Schneider G B, Perinpanayagam H, Clegg M, Zaharias R, Seabold D, Keller J, Stanford C
N402, Dows Institute for Dental Research and the Department of Prosthodontics, University of Iowa College of Dentistry, Iowa City 52242, USA.
J Dent Res. 2003 May;82(5):372-6. doi: 10.1177/154405910308200509.

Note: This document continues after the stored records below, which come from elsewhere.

(* Let $f,g\in\mathbb{C}(z)$ be rational functions of the same degree $d>1$, and let $C\subset\mathbb{P}^1\times\mathbb{P}^1$ be a curve which projects dominantly onto both coordinates. If $C$ is preperiodic under the endomorphism $\Phi(x,y)=(f(x),g(y))$ of $\mathbb{P}^1\times\mathbb{P}^1$, then $C$ contains infinitely many points preperiodic under $\Phi$.
   Context: A curve $Y$ is preperiodic under $\Phi$ if $\Phi^m(Y)=\Phi^n(Y)$ for some integers $n>m\ge0$; a point is preperiodic if its forward orbit is finite. *)

From HB Require Import structures.
From mathcomp Require Import all_boot all_order all_algebra.
From mathcomp Require Import complex.
From mathcomp Require Import Rstruct.
From Stdlib Require Import Reals.
Set Implicit Arguments.
Unset Strict Implicit.
Unset Printing Implicit Defensive.
Import Order.TTheory GRing.Theory Num.Theory.
Local Open Scope ring_scope.

Notation C := (complex Rdefinitions.R).

(* The projective line P^1(C) = C ∪ {∞}; None is the point at infinity. *)
Definition P1 : Type := option C.

Definition hcoords (u : P1) : C * C :=
  if u is Some x then (x, 1) else (1, 0).

Definition homog (n : nat) (p : {poly C}) (x0 x1 : C) : C :=
  \sum_(i < n.+1) p`_i * x0 ^+ i * x1 ^+ (n - i).

(* A rational function f = p/q of degree d is given by coprime polynomials
   p, q with max(deg p, deg q) = d, i.e. maxn (size p) (size q) = d.+1. *)
Definition is_ratfun (p q : {poly C}) (d : nat) : Prop :=
  coprimep p q /\ maxn (size p) (size q) = d.+1.

Definition ratapp (p q : {poly C}) (d : nat) (u : P1) : P1 :=
  let: (x0, x1) := hcoords u in
  let a := homog d p x0 x1 in
  let b := homog d q x0 x1 in
  if b == 0 then None else Some (a / b).

(* Polynomials F(x,y) in two variables: F : {poly {poly C}}, the outer
   variable is y and the inner one is x, so the coefficient of x^i y^j is
   (F`_j)`_i. *)
Definition degy (F : {poly {poly C}}) : nat := (size F).-1.
Definition ycoef (F : {poly {poly C}}) (j : nat) : {poly C} := F`_j.
Definition degx (F : {poly {poly C}}) : nat :=
  (\max_(j < size F) (size (ycoef F j)).-1)%N.
Definition Theta_of (F : 'rV[R]_N -> R -> 'M[R]_N -> R)
    (Phi : 'rV[R]_N -> set (R * 'M[R]_N)) : 'rV[R]_N -> set (R * 'M[R]_N) :=
  fun x => [set p | Phi x p /\ 0 <= F x p.1 p.2].

Definition F_continuous (Omega : set 'rV[R]_N) (F : 'rV[R]_N -> R -> 'M[R]_N -> R) : Prop :=
  {within [set p : 'rV[R]_N * R * 'M[R]_N | Omega p.1.1 /\ symmetric_mx p.2],
     continuous (fun p : 'rV[R]_N * R * 'M[R]_N => F p.1.1 p.1.2 p.2)}.

End ViscosityDefs.

From HB Require Import structures.
From mathcomp Require Import all_boot all_order all_algebra.
From mathcomp Require Import all_classical all_reals all_analysis.
Import Order.TTheory GRing.Theory Num.Theory.
Import numFieldNormedType.Exports.
Local Open Scope ring_scope.
Local Open Scope classical_set_scope.

(* Part (a) unfolds the definitions jet by jet.  For (b), a subjet (r, A) of
   u is the 2-jet of a C^2 test function, so A is symmetric by Schwarz's theorem
   (obtained from the mean value theorem applied twice to a second difference).
   By continuity of F, an interior point of Phi(x) where F > 0 is interior to
   Theta(x), while F > 0 on the interior of Theta(x) by hypothesis; hence
   "F <= 0 or (r, A) is not interior to Phi(x)" says exactly that (r, A) is not
   interior to Theta(x).  The dual formulation follows from J^+(-u) = -J^-(u). *)

Section MixedDerivatives.
Context {R : realType} {V : normedModType R}.
Implicit Types (f : V -> R) (x e d v : V).

Lemma is_derive_line {f x v} {s : R} : derivable f (x + s *: v) v ->
  is_derive s 1 (fun s => f (x + s *: v)) ('D_v f (x + s *: v)).
Proof.
move=> dfv.
have quotE : (fun h : R => h^-1 *: (((fun s => f (x + s *: v)) \o shift s) (h *: 1)
                                      - f (x + s *: v)))
    = (fun h => h^-1 *: ((f \o shift (x + s *: v)) (h *: v) - f (x + s *: v))).
  apply: funext => h /=; congr (_ *: (f _ - _)).
  by rewrite [_%:A]mulr1 scalerDl addrCA.
apply: DeriveDef; first by rewrite /derivable quotE.
by rewrite /derive quotE.
Qed.

Lemma MVT_line f x v {a b : R} : a < b ->
  (forall s, a <= s <= b -> derivable f (x + s *: v) v) ->
  exists2 c, a < c < b &
    f (x + b *: v) - f (x + a *: v) = 'D_v f (x + c *: v) * (b - a).
Proof.
move=> ab df.
have df' c : c \in `]a, b[%R ->
    is_derive c 1 (fun s => f (x + s *: v)) ('D_v f (x + c *: v)).
  by rewrite in_itv /= => /andP[ac cb]; apply/is_derive_line/df; rewrite !ltW.
have cf : {within `[a, b], continuous (fun s => f (x + s *: v))}.
  apply: derivable_within_continuous => s; rewrite in_itv /= => sab.
  by case: (is_derive_line (df s sab)).
have [c cab ->] := MVT ab df' cf.
by exists c => //; move: cab; rewrite in_itv.
Qed.

Lemma MVT_line_diff f (x1 x2 : V) v {a b : R} : a < b ->
  (forall s, a <= s <= b -> derivable f (x1 + s *: v) v /\ derivable f (x2 + s *: v) v) ->
  exists2 c, a < c < b &
    (f (x1 + b *: v) - f (x2 + b *: v)) - (f (x1 + a *: v) - f (x2 + a *: v))
    = ('D_v f (x1 + c *: v) - 'D_v f (x2 + c *: v)) * (b - a).
Proof.
move=> ab df.
pose g s := f (x1 + s *: v) - f (x2 + s *: v).
have dg c : c \in `]a, b[%R ->
    is_derive c 1 g ('D_v f (x1 + c *: v) - 'D_v f (x2 + c *: v)).
  rewrite in_itv /= => /andP[ac cb].
  have /df[d1 d2] : a <= c <= b by rewrite !ltW.
  exact: is_deriveB (is_derive_line d1) (is_derive_line d2).
have cg : {within `[a, b], continuous g}.
  apply: derivable_within_continuous => s; rewrite in_itv /= => sab.
  have [d1 d2] := df s sab.
  by apply: derivableB; [case: (is_derive_line d1) | case: (is_derive_line d2)].
have [c cab gE] := MVT ab dg cg.
by exists c; [move: cab; rewrite in_itv | exact: gE].
Qed.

The transcription factor Cbfa1 regulates osteoblast differentiation and expression of genes necessary for the development of a mineralized phenotype. The purpose of this study was to determine if Cbfa1 and BSPII gene expression are influenced by implant surface microtopography. Osteoblasts were cultured on 600-grit (grooved) or sandblasted (roughened) cpTi implant discs. Mineralization was evaluated by Alizarin-Red-S staining. Real Time PCR was used for quantitative analysis of Cbfa1 and BSPII gene expression. Enhanced mineralization was seen in osteoblasts grown on roughened implant surfaces relative to tissue culture plastic. Real Time PCR showed significant (P < 0.05) increases in Cbfa1 gene expression in cells grown on roughened, as compared with grooved, implant surfaces. BSPII gene expression was also increased on rough surfaces in the UMR cells, but was reduced in the rat calvarial osteoblast cultures. These results suggest that osteoblast gene expression and mineralization are affected by roughened implant surface microtopographies during osseointegration of dental implants.
转录因子Cbfa1调节成骨细胞分化以及矿化表型发育所需基因的表达。本研究的目的是确定Cbfa1和骨唾液蛋白II(BSPII)基因表达是否受种植体表面微观形貌的影响。将成骨细胞培养在600目(带凹槽)或喷砂(粗糙化)的纯钛种植体圆盘上。通过茜素红S染色评估矿化情况。采用实时定量聚合酶链反应(Real Time PCR)对Cbfa1和BSPII基因表达进行定量分析。与组织培养塑料相比,在粗糙种植体表面生长的成骨细胞矿化增强。实时定量聚合酶链反应显示,与带凹槽的种植体表面相比,在粗糙种植体表面生长的细胞中Cbfa1基因表达显著增加(P < 0.05)。UMR细胞在粗糙表面上BSPII基因表达也增加,但在大鼠颅骨成骨细胞培养物中则降低。这些结果表明,在牙种植体骨结合过程中,粗糙的种植体表面微观形貌会影响成骨细胞基因表达和矿化。